INITIATIVE LOCALE – À la boutique Stations Services, à Rezé, près de Nantes, les particuliers comme les pros peuvent venir chiner des matériaux récupérés auprès d’entreprises.

« L’idée m’est venu en allant faire une expo à New York en tant qu’artiste. J’ai découvert le projet Materials for the Arts, qui fournit des matériaux récupérés auprès d’entreprises à des artistes ou étudiants en art », raconte Philippe Comtesse, 40 ans et fondateur de l’établissement Stations Services, à Rezé, près de Nantes. Peinture, moquettes, ameublement… Les entreprises ont souvent des restes de chantiers qui peuvent servir à d’autres. C’est ce qu’on appelle le « réemploi ».

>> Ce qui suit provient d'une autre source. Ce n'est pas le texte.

Lemma clim_to_incr_n (u : nat -> C) (l : C) (M : nat) :
  clim_to (fun n => u (n + M)%nat) l -> clim_to u l.
Proof.
  intros H P HP. destruct (H P HP) as [N HN]. exists (N + M)%nat. intros n Hn.
  replace n with ((n - M) + M)%nat by lia. apply HN. lia.
Qed.

Lemma clim_to_plus (u v : nat -> C) (a b : C) :
  clim_to u a -> clim_to v b -> clim_to (fun n => u n + v n) (a + b).
Proof.
  intros Hu Hv.
  exact (filterlim_comp_2 u v (@plus C_AbsRing) Hu Hv (@filterlim_plus C_AbsRing C_NormedModule a b)).
Qed.

Lemma clim_to_mult (u v : nat -> C) (a b : C) :
  clim_to u a -> clim_to v b -> clim_to (fun n => u n * v n) (a * b).
Proof.
  rewrite !clim_to_iff. intros Hu Hv eps He.
  pose proof (Cmod_ge_0 a) as Ha. pose proof (Cmod_ge_0 b) as Hb.
  set (e1 := Rmin 1 (eps / (2 * (Cmod b + 1)))).
  set (e2 := (eps / (2 * (Cmod a + 1)))%R).
  assert (He1 : (0 < e1)%R) by (apply Rmin_pos; [lra | apply Rdiv_lt_0_compat; lra]).
  assert (He2 : (0 < e2)%R) by (apply Rdiv_lt_0_compat; lra).
  assert (He1_1 : (e1 <= 1)%R) by apply Rmin_l.
  assert (He1_eps : (e1 * (Cmod b + 1) <= eps / 2)%R).
  { apply (Rle_trans _ (eps / (2 * (Cmod b + 1)) * (Cmod b + 1))).
    - apply Rmult_le_compat_r; [lra | apply Rmin_r].
    - right. field. lra. }
  assert (He2_eps : ((Cmod a + 1) * e2 = eps / 2)%R) by (unfold e2; field; lra).
  destruct (Hu e1 He1) as [N1 H1]. destruct (Hv e2 He2) as [N2 H2].
  exists (max N1 N2). intros n Hn.
  specialize (H1 n ltac:(lia)). specialize (H2 n ltac:(lia)).
  assert (Hun : (Cmod (u n) <= Cmod a + 1)%R).
  { pose proof (Cmod_triangle (u n - a) a) as T.
    replace (u n - a + a) with (u n) in T by ring. lra. }
  replace (u n * v n - a * b) with ((u n - a) * b + u n * (v n - b)) by ring.
  eapply Rle_lt_trans. apply Cmod_triangle. rewrite !Cmod_mult.
  assert ((Cmod (u n - a) * Cmod b <= e1 * (Cmod b + 1))%R)
    by (apply Rmult_le_compat; try apply Cmod_ge_0; lra).
  assert ((Cmod (u n) * Cmod (v n - b) < (Cmod a + 1) * e2)%R).
  { apply (Rle_lt_trans _ ((Cmod a + 1) * Cmod (v n - b))).
    - apply Rmult_le_compat_r; [apply Cmod_ge_0 | exact Hun].
    - apply Rmult_lt_compat_l; lra. }
  lra.
Qed.

Lemma Cmod_RtoC_add_ge (x : R) (z : C) : (0 <= x)%R -> (x - Cmod z <= Cmod (RtoC x + z))%R.
Proof.
  intros Hx. pose proof (Cmod_triangle (RtoC x + z) (- z)) as T.
  replace (RtoC x + z + - z) with (RtoC x) in T by ring.
  rewrite Cmod_R, Cmod_opp, Rabs_right in T by lra. lra.
Qed.

Lemma clim_to_inv_nat_add (c : C) : clim_to (fun n => / (RtoC (INR n) + c)) 0.
Proof.
  rewrite clim_to_iff. intros eps He.
  destruct (INR_unbounded (Cmod c + / eps)) as [N HN].
  assert (Hinv : (0 < / eps)%R) by (apply Rinv_0_lt_compat; lra).
  exists N. intros n Hn.
  assert (HnN : (INR N <= INR n)%R) by (apply le_INR; lia).
  pose proof (Cmod_RtoC_add_ge (INR n) c (pos_INR n)) as Hlow.
  assert (Hnz : RtoC (INR n) + c <> 0) by (intro E; rewrite E, Cmod_0 in Hlow; lra).
  replace (/ (RtoC (INR n) + c) - 0) with (/ (RtoC (INR n) + c)) by ring.
  rewrite Cmod_inv by exact Hnz.
  rewrite <- (Rinv_inv eps). apply Rinv_lt_contravar; [apply Rmult_lt_0_compat|]; lra.
Qed.

Lemma csum_sum_n (f : nat -> C) (n : nat) : csum f (S n) = sum_n f n.
Proof.
  induction n.
  - simpl. rewrite sum_O. change (0 + f O = f O). ring.
  - change (csum f (S n) + f (S n) = sum_n f (S n)). rewrite IHn.
    unfold sum_n. rewrite sum_n_Sm by lia. reflexivity.
Qed.

Lemma ex_series_inv_telescope (c : R) (M : nat) :
  ex_series (fun k => (c * (/ INR (k + S M) - / INR (S (k + S M))))%R).
Proof.
  exists (c * / INR (S M))%R.
  apply (filterlim_ext (fun n => (c * / INR (S M) - c * / INR (S (n + S M)))%R)).
  { intros n. induction n.
    - rewrite sum_O. simpl (0 + S M)%nat. ring.
    - rewrite sum_Sn, <- IHn. simpl (S n + S M)%nat. change (plus ?a ?b) with (a + b)%R. ring. }
  change (is_lim_seq (fun n => (c * / INR (S M) - c * / INR (S (n + S M)))%R) (c * / INR (S M))%R).
  assert (H0 : is_lim_seq (fun n => / INR (S (n + S M)))%R 0%R).
  { assert (H := proj1 (is_lim_seq_incr_n INR (S (S M)) p_infty) is_lim_seq_INR).
    apply (is_lim_seq_ext (fun n => / INR (n + S (S M)))%R); [intros n; do 2 f_equal; lia|].
    exact (is_lim_seq_inv _ _ H ltac:(discriminate)). }
  pose proof (is_lim_seq_minus' _ _ _ _ (is_lim_seq_const (c * / INR (S M)))
                (is_lim_seq_scal_l _ c 0%R H0)) as Hlim.
  simpl in Hlim. rewrite Rmult_0_r, Rminus_0_r in Hlim. exact Hlim.
Qed.

Lemma clim_to_of_increment_bound (u : nat -> C) (K : R) (M : nat) :
  (forall m, (S M <= m)%nat -> (Cmod (u (S m) - u m) <= K * (/ INR m - / INR (S m)))%R) ->
  exists l, clim_to u l.
Proof.
  intros Hb.
  set (d := fun k => u (S (k + S M)) - u (k + S M)%nat).
  assert (Hd : ex_series d).
  { apply (ex_series_le d (fun k => (K * (/ INR (k + S M) - / INR (S (k + S M))))%R)).
    - intros k. apply Hb. lia.
    - apply ex_series_inv_telescope. }
  destruct Hd as [l Hl]. exists (u (S M) + l).
  apply (clim_to_incr_n _ _ (S (S M))).
  apply (filterlim_ext (fun n => u (S M) + sum_n d n)).
  { assert (Hsum : forall n, csum d n = u (n + S M)%nat - u (S M)).
    { induction n; simpl csum; [simpl; ring|]. rewrite IHn. unfold d. simpl. ring. }
    intros n. rewrite <- csum_sum_n, Hsum. replace (S n + S M)%nat with (n + S (S M))%nat by lia.
    ring. }
  apply clim_to_plus; [apply filterlim_const | exact Hl].
Qed.

Definition harmonic_term (z : C) (k : nat) : C :=
  / RtoC (INR (S k)) - / (RtoC (INR (S k)) + z).

Lemma harmonic_term_bound (x : R) (z : C) : (2 * Cmod z < x)%R -> (2 <= x)%R ->
  (Cmod (/ RtoC x - / (RtoC x + z)) <= 2 * Cmod z * (/ (x - 1) - / x))%R.
Proof.
  intros H1 H2.
  pose proof (Cmod_RtoC_add_ge x z ltac:(lra)) as Hd.
  pose proof (Cmod_ge_0 z) as Hz.
  assert (Hdnz : RtoC x + z <> 0) by (intro E; rewrite E, Cmod_0 in Hd; lra).
  assert (Hxnz : RtoC x <> 0) by (intro E; apply RtoC_inj in E; lra).
  replace (/ RtoC x - / (RtoC x + z)) with (z * / (RtoC x * (RtoC x + z))) by (field; auto).
  rewrite Cmod_mult, Cmod_inv, Cmod_mult, Cmod_R, Rabs_right by (try lra; apply Cmult_neq_0; auto).
  assert (Ha : (/ (x * Cmod (RtoC x + z)) <= 2 * / (x * x))%R).
  { replace (2 * / (x * x))%R with (/ (x * (x / 2)))%R by (field; lra).
    apply Rinv_le_contravar; [apply Rmult_lt_0_compat | apply Rmult_le_compat_l]; lra. }
  assert (Hb : (/ (x * x) <= / (x - 1) - / x)%R).
  { replace (/ (x - 1) - / x)%R with (/ (x * (x - 1)))%R by (field; lra).
    apply Rinv_le_contravar; [apply Rmult_lt_0_compat | apply Rmult_le_compat_l]; lra. }
  replace (2 * Cmod z * (/ (x - 1) - / x))%R with (Cmod z * (2 * (/ (x - 1) - / x)))%R by ring.
  apply Rmult_le_compat_l; lra.
Qed.

Lemma Hc_cvg (z : C) : clim_to (csum (harmonic_term z)) (Hc z).
Proof.
  assert (Hex : exists l, clim_to (csum (harmonic_term z)) l).
  { destruct (INR_unbounded (2 * Cmod z)) as [M HM].
    apply (clim_to_of_increment_bound _ (2 * Cmod z) M).
    intros m Hm. cbn [csum].
    replace (csum (harmonic_term z) m + harmonic_term z m - csum (harmonic_term z) m)
      with (harmonic_term z m) by ring.
    assert (HMm : (INR M + 1 <= INR m)%R) by (rewrite <- S_INR; apply le_INR; lia).
    pose proof (pos_INR M).
    replace (INR m) with (INR (S m) - 1)%R by (rewrite S_INR; ring).
    apply harmonic_term_bound; rewrite S_INR; lra. }
  destruct Hex as [l Hl].
  replace (Hc z) with l; [exact Hl|]. symmetry. exact (clim_to_unique _ _ Hl).
Qed.

Lemma Hc_succ (z : C) : Hc (z + 1) = Hc z + / (z + 1).
Proof.
  apply clim_to_unique.
  apply (filterlim_ext (fun N => csum (harmonic_term z) N + / (z + 1)
                                 + (- (1)) * / (RtoC (INR N) + (z + 1)))).
  { induction x as [|N IH]; cbn [csum].
    - simpl. ring_simplify (RtoC 0 + (z + 1)). ring.
    - rewrite <- IH. unfold harmonic_term.
      replace (RtoC (INR (S N)) + z) with (RtoC (INR N) + (z + 1)) by (rewrite S_INR, RtoC_plus; ring).
      ring. }
  replace (Hc z + / (z + 1)) with (Hc z + / (z + 1) + - (1) * 0) by ring.
  apply clim_to_plus; [apply clim_to_plus; [apply Hc_cvg | apply filterlim_const]|].
  apply clim_to_mult; [apply filterlim_const | apply clim_to_inv_nat_add].
Qed.

Lemma sin_cubic_bounds (a : R) : (0 <= a <= 1)%R -> (a - a^3 <= sin a <= a)%R.
Proof.
  intros Ha. pose proof (pre_sin_bound a 0 ltac:(lra) ltac:(lra)) as H.
  unfold sin_approx, sin_term in H. simpl in H. unfold Rdiv in H. simpl in H.
  replace (1 + 1 + 1 + 1 + 1 + 1)%R with 6%R in H by ring.
  match type of H with context [Rinv ?x] =>
    match x with (_ + 1)%R => replace x with 120%R in H by ring end end.
  assert (h3 : (0 <= a*a*a)%R) by (apply Rmult_le_pos; [apply Rmult_le_pos|]; lra).
  assert (h5 : (a*a*a*a*a <= a*a*a)%R) by (assert (a*a <= 1)%R by nra; nra).
  simpl. split; lra.
Qed.

Lemma sin_near_0 (b : R) : (Rabs b <= 1)%R -> (Rabs (sin b - b) <= b^2 /\ Rabs (sin b) <= Rabs b)%R.
Proof.
  intros Hb. destruct (Rle_dec 0 b) as [H|H].
  - rewrite Rabs_right in Hb by lra.
    pose proof (sin_cubic_bounds b ltac:(lra)).
    assert (b^3 <= b^2)%R by (simpl; nra).
    assert (0 <= sin b)%R by (simpl in *; nra).
    rewrite Rabs_left1, !Rabs_right by lra. lra.
  - rewrite Rabs_left in Hb by lra.
    pose proof (sin_cubic_bounds (- b) ltac:(lra)) as Hs. rewrite sin_neg in Hs.
    assert ((-b)^3 <= b^2)%R by (simpl; nra).
    assert (0 <= - sin b)%R by (simpl in *; nra).
    rewrite Rabs_right, !Rabs_left1 by lra. lra.
Qed.

Lemma cos_near_0 (b : R) : (Rabs b <= 1)%R -> (Rabs (cos b - 1) <= b^2)%R.
Proof.
  intros Hb.
  replace b with (2 * (b/2))%R at 1 by field. rewrite cos_2a_sin.
  assert (Hb2 : (Rabs (b / 2) = Rabs b / 2)%R) by (rewrite Rabs_div, (Rabs_right 2); lra).
  destruct (sin_near_0 (b/2) ltac:(lra)) as [_ H]. rewrite Hb2 in H.
  assert (Hs : (Rabs (sin (b/2)) ^ 2 <= (Rabs b / 2) ^ 2)%R)
    by (apply pow_incr; split; [apply Rabs_pos | exact H]).
  rewrite pow2_abs in Hs.
  replace ((Rabs b / 2) ^ 2)%R with (b ^ 2 / 4)%R in Hs by (rewrite <- (pow2_abs b); field).
  assert (0 <= sin (b/2) * sin (b/2))%R by apply Rle_0_sqr.
  rewrite Rabs_left1 by lra. simpl in *. lra.
Qed.

Lemma exp_near_0 (t : R) : (Rabs t <= 1/2)%R -> (0 <= exp t - 1 - t <= 2 * t^2)%R.
Proof.
  intros Ht. apply Rabs_le_between in Ht.
  pose proof (exp_ineq1_le t). pose proof (exp_ineq1_le (- t)).
  assert (Hu : (exp t <= / (1 - t))%R).
  { rewrite <- (Rinv_inv (exp t)), <- exp_Ropp. apply Rinv_le_contravar; lra. }
  assert (/ (1 - t) - 1 - t = t^2 / (1 - t))%R by (field; lra).
  assert (t^2 / (1 - t) <= t^2 * 2)%R.
  { apply Rmult_le_compat_l; [nra|].
    replace 2%R with (/ (1/2))%R by field. apply Rinv_le_contravar; lra. }
  lra.
Qed.

Definition cexp (w : C) : C := ((exp (Re w) * cos (Im w))%R, (exp (Re w) * sin (Im w))%R).

Lemma cexp_add (u v : C) : cexp (u + v) = cexp u * cexp v.
Proof.
  destruct u as [u1 u2], v as [v1 v2]. unfold cexp, Re, Im, Cplus, Cmult. simpl.
  rewrite exp_plus, cos_plus, sin_plus. f_equal; ring.
Qed.

Lemma cexp_RtoC (l : R) : cexp (RtoC l) = RtoC (exp l).
Proof. unfold cexp, RtoC, Re, Im. simpl. rewrite cos_0, sin_0. f_equal; ring. Qed.

Lemma cpow_pos_cexp (x : R) (z : C) : cpow_pos x z = cexp (z * RtoC (ln x)).
Proof.
  destruct z as [a b]. unfold cpow_pos, cexp, Re, Im, Cmult, RtoC. simpl.
  f_equal; f_equal; try f_equal; ring.
Qed.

Hormis en Île-de-France, où il existe un projet de réemploi des matériaux d’entreprises appelé La Réserve des arts, pour les professionnels de la culture, ce type de projet n’existait pas en France. L’artiste a donc créé Stations Services en 2015, mais avec une particularité en plus. « Au départ, le magasin s’adressait uniquement aux professionnels, puis au bout de quelques mois il s’est ouvert aux particuliers, et ce fut une bonne chose, car ils constituent aujourd’hui l’essentiel de notre clientèle », explique Philippe Comtesse. La structure fait payer les entreprises qui donnent des matériaux. Mais, pour elle, c’est toutefois moins cher que d’investir dans le recyclage en décharge, payant et obligatoire.

Une démarche écologique, économique et créative

La vente de ces matériaux est également rémunératrice. Les clients viennent à Stations Services pour s’inscrire dans une démarche écologique, tout en profitant de prix 30 % moins cher en moyenne que dans un magasin de bricolage classique. Mais il y a aussi une dimension « créativité », souligne Philippe Comtesse. « Il faut parfois se creuser la tête pour imaginer des créations à partir des matériaux que nous récupérons. » Stations Services compte actuellement sept salariés à mi-temps qui exercent en parallèle dans les univers de l’art et du design. Leur connaissance du milieu leur permet d’avoir une vision des matériaux réemployables ou non. Car c’est aussi l’enjeu : « Nous ne jetons que 1 % des choses invendues qu’on récupère », affirme Philippe Comtesse.

Fort de son succès, Stations Services espère continuer à embaucher en 2018. « En décembre 2017, nous sommes à 92 000 euros de chiffre d’affaires et nous espérons augmenter ce chiffre de 150 % en 2018 », explique Philippe Comtesse. Par la suite, la structure, qui est actuellement une association, pourrait évoluer en SCOP et organiser, de manière plus formelle qu’elle ne le fait déjà, des ateliers de bricolage. Le modèle inspire par ailleurs d’autres projets similaires en France.